Exercise:
Starting at the line containing "forall x, conv p x -> dotp x u <= s." and ending at the line containing "apply: le_anti; rewrite", print every line of the material below exactly, both ends included, and stop there.

Entries supplied:
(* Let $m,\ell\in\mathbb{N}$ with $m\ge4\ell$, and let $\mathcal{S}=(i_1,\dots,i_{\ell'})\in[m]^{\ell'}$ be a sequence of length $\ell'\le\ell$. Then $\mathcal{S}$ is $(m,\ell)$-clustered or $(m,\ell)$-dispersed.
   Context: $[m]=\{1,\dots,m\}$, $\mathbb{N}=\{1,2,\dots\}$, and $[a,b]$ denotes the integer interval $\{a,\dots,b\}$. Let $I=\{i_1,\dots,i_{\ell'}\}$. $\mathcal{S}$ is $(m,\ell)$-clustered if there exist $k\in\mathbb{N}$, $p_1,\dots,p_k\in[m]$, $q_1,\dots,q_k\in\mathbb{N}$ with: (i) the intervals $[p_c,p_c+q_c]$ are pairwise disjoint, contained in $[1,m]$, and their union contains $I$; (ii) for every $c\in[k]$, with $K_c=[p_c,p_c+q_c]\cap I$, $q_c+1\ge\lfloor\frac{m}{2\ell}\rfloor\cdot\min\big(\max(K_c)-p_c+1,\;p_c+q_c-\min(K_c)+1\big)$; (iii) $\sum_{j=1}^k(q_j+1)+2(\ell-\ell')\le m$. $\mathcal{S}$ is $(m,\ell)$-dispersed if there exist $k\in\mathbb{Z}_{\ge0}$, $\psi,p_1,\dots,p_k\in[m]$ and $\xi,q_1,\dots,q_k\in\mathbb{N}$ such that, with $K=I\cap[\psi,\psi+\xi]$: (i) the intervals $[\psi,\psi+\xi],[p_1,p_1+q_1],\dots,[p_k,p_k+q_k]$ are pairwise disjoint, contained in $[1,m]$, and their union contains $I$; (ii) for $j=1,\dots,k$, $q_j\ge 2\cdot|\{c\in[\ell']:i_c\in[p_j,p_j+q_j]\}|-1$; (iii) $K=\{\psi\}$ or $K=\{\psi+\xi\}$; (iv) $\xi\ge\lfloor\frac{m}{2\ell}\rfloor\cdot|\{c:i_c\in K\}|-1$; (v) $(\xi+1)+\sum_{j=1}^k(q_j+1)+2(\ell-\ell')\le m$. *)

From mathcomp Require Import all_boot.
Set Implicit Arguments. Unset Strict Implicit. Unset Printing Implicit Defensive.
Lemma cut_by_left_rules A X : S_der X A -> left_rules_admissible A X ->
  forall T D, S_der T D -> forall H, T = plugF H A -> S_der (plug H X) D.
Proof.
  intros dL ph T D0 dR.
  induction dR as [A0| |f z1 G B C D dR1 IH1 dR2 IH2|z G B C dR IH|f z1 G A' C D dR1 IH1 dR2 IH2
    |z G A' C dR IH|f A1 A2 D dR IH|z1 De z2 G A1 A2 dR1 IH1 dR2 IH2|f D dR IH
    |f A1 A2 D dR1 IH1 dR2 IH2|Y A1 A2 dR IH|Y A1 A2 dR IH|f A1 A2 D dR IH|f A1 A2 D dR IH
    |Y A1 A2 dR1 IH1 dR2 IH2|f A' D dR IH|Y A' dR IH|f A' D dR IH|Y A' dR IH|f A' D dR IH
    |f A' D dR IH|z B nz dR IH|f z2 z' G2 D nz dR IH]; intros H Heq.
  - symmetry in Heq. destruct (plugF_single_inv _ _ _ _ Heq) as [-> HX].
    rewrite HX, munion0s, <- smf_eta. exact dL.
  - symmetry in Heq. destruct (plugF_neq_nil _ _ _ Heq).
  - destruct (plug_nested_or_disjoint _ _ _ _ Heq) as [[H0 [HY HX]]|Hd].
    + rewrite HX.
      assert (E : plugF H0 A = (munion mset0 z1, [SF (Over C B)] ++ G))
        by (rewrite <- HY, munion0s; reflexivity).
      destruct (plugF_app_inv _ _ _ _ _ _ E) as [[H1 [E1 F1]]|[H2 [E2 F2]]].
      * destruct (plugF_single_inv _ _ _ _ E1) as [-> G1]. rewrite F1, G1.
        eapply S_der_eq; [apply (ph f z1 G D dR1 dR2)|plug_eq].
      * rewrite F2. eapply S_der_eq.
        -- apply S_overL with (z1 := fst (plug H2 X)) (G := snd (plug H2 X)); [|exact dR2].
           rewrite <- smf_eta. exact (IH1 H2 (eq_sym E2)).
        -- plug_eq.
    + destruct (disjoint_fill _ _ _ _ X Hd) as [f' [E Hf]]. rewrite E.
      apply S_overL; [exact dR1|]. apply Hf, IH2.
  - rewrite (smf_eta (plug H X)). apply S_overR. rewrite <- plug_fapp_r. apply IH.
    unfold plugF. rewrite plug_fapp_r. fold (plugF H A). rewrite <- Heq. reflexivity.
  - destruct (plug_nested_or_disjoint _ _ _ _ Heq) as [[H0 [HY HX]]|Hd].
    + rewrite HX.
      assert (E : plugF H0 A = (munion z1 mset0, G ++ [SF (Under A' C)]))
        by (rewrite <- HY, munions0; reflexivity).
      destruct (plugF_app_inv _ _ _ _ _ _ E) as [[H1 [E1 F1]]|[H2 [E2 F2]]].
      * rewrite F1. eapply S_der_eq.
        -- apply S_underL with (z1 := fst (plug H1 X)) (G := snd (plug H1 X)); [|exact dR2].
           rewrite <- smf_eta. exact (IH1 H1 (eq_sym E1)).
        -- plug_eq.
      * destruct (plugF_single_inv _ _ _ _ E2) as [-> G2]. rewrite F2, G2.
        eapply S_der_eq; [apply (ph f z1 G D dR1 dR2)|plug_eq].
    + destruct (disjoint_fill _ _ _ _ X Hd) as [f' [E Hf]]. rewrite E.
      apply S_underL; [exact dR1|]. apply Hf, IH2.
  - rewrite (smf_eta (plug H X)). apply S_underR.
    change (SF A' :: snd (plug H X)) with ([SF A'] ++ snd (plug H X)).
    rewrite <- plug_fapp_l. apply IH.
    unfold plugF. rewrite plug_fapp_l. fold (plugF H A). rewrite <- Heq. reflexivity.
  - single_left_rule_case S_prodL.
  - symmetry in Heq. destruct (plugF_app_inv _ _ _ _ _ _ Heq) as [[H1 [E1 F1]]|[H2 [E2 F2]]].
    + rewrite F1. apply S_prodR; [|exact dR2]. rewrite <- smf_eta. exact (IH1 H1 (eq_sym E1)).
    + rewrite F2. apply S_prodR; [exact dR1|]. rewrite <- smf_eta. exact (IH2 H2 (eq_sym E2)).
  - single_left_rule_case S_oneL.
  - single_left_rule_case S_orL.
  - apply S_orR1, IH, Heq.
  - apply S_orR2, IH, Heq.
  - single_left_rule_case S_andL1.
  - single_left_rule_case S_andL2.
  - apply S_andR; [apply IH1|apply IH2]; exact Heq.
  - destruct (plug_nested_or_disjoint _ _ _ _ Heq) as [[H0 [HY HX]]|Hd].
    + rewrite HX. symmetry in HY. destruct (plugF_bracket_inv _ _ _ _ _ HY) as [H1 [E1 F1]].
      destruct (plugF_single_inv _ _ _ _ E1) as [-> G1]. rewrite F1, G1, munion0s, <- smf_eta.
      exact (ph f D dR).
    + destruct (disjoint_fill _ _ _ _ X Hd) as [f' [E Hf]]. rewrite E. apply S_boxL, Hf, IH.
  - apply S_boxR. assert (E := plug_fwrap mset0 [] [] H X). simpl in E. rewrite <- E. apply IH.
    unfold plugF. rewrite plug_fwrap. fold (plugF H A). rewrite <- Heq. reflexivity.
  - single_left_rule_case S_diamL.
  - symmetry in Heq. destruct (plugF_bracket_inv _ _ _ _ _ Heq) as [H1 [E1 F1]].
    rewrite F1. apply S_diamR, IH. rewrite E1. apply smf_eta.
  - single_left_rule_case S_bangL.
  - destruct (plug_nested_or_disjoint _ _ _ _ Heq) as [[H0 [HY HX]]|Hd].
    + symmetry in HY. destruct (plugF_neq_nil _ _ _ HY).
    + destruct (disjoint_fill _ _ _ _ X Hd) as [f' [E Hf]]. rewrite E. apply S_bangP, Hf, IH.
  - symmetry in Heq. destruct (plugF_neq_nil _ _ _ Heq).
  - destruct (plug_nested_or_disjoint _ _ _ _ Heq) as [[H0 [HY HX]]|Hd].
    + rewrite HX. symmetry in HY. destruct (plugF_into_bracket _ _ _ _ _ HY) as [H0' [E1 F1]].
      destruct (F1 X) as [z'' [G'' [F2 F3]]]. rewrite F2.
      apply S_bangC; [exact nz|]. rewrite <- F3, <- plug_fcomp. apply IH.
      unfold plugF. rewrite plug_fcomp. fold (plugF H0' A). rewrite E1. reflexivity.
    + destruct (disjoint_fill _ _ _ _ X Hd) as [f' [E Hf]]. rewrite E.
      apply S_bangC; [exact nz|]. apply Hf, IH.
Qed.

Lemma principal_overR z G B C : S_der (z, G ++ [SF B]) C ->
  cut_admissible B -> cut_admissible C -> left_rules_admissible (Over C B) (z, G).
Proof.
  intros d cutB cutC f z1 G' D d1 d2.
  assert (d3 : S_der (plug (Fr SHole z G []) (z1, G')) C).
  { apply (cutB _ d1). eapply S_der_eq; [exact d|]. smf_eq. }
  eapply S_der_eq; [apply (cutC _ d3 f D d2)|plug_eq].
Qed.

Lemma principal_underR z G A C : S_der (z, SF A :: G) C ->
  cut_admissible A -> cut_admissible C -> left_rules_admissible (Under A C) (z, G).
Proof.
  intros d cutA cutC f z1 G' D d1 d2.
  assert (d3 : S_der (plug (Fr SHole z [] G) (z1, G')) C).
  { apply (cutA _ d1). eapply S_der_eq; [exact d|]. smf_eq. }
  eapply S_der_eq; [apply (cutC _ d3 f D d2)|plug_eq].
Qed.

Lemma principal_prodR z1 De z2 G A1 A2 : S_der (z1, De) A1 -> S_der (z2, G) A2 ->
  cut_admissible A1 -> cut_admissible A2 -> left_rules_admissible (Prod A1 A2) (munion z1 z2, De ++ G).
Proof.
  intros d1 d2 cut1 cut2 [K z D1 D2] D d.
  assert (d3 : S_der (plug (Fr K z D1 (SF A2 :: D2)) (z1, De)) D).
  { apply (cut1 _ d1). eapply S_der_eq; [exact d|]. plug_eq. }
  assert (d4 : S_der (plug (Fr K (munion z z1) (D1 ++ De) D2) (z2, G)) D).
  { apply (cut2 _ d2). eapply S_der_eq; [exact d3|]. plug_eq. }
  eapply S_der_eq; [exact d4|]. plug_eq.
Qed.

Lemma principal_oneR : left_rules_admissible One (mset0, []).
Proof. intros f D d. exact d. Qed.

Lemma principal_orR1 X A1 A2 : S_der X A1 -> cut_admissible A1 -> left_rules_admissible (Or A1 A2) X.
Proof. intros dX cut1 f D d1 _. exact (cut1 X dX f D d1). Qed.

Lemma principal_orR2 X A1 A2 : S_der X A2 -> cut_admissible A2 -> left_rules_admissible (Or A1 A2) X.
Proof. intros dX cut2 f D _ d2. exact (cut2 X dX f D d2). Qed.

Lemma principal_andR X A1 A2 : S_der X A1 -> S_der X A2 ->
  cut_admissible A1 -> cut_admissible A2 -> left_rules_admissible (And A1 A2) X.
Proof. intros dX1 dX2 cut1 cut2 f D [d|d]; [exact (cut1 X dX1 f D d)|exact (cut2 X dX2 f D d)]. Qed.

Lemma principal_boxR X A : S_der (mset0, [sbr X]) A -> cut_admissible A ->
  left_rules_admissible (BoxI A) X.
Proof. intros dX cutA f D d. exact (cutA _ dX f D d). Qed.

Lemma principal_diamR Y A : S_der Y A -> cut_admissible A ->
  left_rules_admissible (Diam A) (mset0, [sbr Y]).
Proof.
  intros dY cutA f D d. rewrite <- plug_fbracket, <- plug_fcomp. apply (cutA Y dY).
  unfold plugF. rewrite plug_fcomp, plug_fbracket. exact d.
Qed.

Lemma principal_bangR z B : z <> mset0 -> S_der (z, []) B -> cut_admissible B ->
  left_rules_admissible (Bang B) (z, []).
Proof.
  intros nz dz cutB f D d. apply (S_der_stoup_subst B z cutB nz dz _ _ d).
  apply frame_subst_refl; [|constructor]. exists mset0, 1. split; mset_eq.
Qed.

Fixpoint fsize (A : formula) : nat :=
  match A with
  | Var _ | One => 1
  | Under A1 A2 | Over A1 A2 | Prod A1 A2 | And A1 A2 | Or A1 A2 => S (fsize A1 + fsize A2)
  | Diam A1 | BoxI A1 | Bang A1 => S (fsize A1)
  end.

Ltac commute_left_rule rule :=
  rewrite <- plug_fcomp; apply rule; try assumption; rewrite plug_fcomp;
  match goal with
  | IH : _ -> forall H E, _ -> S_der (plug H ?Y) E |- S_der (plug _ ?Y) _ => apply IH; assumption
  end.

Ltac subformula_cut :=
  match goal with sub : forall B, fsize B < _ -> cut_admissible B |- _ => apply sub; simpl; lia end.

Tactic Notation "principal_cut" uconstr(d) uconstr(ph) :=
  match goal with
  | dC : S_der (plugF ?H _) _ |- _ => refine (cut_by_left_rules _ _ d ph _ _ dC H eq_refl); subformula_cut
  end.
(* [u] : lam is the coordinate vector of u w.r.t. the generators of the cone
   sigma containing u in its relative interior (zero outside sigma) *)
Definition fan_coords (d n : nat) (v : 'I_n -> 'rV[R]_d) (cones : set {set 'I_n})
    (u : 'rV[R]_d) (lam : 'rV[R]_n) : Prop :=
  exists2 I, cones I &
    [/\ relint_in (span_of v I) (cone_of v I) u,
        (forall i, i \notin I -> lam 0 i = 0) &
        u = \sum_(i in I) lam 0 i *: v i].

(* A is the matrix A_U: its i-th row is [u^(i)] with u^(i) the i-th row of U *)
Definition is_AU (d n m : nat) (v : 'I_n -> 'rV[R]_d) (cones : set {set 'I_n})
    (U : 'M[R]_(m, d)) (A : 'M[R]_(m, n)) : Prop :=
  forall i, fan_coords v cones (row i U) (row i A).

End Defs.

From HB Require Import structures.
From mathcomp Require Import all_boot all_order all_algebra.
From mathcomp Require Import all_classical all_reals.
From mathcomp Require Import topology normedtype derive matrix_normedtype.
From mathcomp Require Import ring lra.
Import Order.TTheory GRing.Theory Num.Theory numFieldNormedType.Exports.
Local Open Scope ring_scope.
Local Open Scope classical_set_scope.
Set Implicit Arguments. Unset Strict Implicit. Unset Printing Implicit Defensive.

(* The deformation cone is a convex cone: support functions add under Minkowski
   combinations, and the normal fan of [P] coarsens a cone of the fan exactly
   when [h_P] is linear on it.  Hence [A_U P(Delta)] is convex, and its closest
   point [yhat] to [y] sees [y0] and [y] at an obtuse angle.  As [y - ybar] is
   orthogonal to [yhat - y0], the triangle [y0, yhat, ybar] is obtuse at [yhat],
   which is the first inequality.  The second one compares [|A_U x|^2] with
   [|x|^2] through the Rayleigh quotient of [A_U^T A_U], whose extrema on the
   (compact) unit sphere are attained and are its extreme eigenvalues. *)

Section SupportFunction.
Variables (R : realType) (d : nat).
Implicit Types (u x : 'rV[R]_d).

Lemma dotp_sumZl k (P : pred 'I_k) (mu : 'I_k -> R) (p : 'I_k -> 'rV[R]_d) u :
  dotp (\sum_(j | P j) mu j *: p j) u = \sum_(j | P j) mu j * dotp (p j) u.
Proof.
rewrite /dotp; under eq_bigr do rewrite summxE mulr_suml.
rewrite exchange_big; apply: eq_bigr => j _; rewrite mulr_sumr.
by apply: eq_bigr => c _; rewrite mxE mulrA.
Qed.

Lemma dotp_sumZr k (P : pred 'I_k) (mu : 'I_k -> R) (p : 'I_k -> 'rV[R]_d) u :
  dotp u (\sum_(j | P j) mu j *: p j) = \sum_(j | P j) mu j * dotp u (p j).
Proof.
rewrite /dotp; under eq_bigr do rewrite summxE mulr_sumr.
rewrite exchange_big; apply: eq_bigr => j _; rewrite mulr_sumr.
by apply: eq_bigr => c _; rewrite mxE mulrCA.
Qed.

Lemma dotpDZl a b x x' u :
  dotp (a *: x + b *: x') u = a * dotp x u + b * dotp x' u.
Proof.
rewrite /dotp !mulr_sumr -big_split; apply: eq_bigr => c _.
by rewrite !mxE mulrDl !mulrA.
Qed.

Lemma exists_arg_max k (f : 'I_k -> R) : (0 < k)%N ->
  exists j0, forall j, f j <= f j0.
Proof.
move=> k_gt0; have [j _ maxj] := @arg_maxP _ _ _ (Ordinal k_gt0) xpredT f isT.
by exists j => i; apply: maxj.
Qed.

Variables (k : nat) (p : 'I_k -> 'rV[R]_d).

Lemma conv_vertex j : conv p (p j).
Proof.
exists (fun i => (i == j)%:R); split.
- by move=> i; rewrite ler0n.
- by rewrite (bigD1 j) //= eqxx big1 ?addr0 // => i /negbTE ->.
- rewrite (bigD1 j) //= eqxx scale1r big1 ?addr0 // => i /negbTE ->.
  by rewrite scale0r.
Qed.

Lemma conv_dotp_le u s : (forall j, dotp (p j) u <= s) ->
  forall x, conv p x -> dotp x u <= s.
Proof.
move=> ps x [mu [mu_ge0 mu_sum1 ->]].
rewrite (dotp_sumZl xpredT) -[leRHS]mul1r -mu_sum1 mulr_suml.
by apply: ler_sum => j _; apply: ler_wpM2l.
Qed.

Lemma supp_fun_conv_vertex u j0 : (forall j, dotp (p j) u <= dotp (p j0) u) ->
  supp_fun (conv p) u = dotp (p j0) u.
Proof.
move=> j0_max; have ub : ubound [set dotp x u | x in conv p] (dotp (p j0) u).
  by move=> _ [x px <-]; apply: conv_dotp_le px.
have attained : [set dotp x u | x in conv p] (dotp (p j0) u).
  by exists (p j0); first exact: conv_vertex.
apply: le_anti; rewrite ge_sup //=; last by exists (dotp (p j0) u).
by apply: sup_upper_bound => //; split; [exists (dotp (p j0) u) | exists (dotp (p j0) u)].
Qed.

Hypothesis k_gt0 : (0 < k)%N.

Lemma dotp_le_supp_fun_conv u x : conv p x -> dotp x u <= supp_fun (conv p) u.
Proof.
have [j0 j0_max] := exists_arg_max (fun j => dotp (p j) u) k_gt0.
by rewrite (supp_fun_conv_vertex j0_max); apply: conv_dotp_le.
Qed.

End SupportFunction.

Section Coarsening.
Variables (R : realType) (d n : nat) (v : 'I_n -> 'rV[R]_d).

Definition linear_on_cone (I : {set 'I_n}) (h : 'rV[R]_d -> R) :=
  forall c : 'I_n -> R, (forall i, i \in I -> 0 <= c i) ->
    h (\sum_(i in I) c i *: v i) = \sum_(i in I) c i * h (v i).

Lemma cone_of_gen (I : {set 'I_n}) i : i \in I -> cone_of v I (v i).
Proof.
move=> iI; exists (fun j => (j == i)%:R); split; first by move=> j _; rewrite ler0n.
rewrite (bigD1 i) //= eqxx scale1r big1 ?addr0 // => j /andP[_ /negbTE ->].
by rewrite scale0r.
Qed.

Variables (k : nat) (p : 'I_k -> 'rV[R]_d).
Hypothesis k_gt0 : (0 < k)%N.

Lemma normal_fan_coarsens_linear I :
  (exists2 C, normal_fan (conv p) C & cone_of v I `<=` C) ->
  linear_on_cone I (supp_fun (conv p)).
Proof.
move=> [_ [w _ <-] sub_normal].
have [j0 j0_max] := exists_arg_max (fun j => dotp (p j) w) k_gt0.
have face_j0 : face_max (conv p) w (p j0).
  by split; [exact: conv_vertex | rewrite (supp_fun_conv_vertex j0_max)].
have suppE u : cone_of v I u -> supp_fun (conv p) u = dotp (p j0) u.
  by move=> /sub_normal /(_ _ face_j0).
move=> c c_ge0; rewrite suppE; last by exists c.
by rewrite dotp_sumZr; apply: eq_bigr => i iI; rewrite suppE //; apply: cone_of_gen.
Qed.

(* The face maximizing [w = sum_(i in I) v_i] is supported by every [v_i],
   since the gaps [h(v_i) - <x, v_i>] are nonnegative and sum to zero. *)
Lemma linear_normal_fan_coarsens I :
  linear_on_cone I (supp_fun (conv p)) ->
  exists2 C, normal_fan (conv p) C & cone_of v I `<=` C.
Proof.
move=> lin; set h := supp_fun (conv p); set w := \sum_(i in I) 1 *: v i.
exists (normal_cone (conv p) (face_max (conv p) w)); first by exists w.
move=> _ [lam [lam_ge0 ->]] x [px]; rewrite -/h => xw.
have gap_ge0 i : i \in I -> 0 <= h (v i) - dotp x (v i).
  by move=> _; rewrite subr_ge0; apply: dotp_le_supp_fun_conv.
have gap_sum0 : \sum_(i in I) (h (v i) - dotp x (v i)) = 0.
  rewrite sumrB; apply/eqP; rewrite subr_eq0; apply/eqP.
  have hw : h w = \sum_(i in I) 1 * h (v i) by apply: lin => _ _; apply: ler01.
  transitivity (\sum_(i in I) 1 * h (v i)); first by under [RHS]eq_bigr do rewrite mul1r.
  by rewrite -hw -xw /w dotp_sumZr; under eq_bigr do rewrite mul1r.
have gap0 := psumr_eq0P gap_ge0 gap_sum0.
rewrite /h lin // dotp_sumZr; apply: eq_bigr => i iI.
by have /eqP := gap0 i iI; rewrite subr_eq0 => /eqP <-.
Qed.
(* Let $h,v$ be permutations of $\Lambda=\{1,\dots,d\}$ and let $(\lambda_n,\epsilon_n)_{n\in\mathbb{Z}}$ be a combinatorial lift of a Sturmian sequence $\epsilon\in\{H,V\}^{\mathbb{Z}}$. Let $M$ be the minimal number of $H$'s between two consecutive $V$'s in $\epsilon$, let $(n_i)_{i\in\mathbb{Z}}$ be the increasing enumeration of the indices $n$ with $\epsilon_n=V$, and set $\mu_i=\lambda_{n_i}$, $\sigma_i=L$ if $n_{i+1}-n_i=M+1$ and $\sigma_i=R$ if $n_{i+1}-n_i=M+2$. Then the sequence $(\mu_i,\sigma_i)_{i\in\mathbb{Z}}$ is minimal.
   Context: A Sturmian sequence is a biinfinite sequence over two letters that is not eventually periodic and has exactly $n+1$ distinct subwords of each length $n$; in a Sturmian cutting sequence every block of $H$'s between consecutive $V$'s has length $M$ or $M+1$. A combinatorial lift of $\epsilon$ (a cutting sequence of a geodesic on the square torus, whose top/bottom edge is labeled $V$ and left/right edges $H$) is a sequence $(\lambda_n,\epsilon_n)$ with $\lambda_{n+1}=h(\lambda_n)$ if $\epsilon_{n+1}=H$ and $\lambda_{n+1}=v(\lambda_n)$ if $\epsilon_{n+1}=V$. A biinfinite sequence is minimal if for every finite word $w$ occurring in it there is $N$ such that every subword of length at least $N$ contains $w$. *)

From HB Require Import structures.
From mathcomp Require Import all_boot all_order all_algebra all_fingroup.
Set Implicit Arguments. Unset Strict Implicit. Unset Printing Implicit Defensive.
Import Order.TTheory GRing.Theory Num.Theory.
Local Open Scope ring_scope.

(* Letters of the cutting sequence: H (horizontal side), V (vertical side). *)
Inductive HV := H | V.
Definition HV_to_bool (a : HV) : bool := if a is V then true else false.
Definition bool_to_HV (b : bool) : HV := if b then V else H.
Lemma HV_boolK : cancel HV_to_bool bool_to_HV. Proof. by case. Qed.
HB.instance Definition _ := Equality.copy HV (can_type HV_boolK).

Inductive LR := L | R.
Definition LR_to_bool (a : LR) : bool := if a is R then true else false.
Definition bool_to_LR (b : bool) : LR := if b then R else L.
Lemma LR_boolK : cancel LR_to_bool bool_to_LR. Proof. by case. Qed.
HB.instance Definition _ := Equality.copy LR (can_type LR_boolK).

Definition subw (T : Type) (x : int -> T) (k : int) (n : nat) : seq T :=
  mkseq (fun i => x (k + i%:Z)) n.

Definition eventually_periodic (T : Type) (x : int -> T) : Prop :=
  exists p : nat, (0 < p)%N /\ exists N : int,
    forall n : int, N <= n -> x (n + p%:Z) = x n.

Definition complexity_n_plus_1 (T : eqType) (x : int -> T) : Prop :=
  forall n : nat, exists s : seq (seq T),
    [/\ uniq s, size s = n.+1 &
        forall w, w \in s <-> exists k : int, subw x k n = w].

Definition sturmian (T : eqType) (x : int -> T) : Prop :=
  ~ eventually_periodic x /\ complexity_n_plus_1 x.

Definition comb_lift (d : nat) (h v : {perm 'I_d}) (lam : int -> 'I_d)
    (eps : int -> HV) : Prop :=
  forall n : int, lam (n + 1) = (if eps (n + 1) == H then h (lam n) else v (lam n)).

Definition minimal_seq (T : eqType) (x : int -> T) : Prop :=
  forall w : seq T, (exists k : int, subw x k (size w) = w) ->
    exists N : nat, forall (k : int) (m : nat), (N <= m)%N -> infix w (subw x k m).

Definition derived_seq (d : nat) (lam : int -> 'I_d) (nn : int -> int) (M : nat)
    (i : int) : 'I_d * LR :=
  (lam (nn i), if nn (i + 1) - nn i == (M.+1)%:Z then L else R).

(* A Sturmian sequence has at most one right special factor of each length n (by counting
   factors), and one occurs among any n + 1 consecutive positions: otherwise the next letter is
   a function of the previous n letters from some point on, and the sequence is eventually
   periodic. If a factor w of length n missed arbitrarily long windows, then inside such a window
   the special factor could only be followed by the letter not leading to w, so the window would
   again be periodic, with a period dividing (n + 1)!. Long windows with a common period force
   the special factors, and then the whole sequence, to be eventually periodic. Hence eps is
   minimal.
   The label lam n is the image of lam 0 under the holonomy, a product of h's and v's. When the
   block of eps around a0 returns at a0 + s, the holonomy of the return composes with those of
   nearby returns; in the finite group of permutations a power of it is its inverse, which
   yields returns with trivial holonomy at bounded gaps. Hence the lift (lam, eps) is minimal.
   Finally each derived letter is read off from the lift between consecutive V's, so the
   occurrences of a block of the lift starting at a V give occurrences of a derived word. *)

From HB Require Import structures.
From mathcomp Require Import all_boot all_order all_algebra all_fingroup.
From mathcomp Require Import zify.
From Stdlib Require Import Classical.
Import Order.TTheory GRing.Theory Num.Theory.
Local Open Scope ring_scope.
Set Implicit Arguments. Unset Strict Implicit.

Expected output:
  forall x, conv p x -> dotp x u <= s.
Proof.
move=> ps x [mu [mu_ge0 mu_sum1 ->]].
rewrite (dotp_sumZl xpredT) -[leRHS]mul1r -mu_sum1 mulr_suml.
by apply: ler_sum => j _; apply: ler_wpM2l.
Qed.

Lemma supp_fun_conv_vertex u j0 : (forall j, dotp (p j) u <= dotp (p j0) u) ->
  supp_fun (conv p) u = dotp (p j0) u.
Proof.
move=> j0_max; have ub : ubound [set dotp x u | x in conv p] (dotp (p j0) u).
  by move=> _ [x px <-]; apply: conv_dotp_le px.
have attained : [set dotp x u | x in conv p] (dotp (p j0) u).
  by exists (p j0); first exact: conv_vertex.
apply: le_anti; rewrite ge_sup //=; last by exists (dotp (p j0) u).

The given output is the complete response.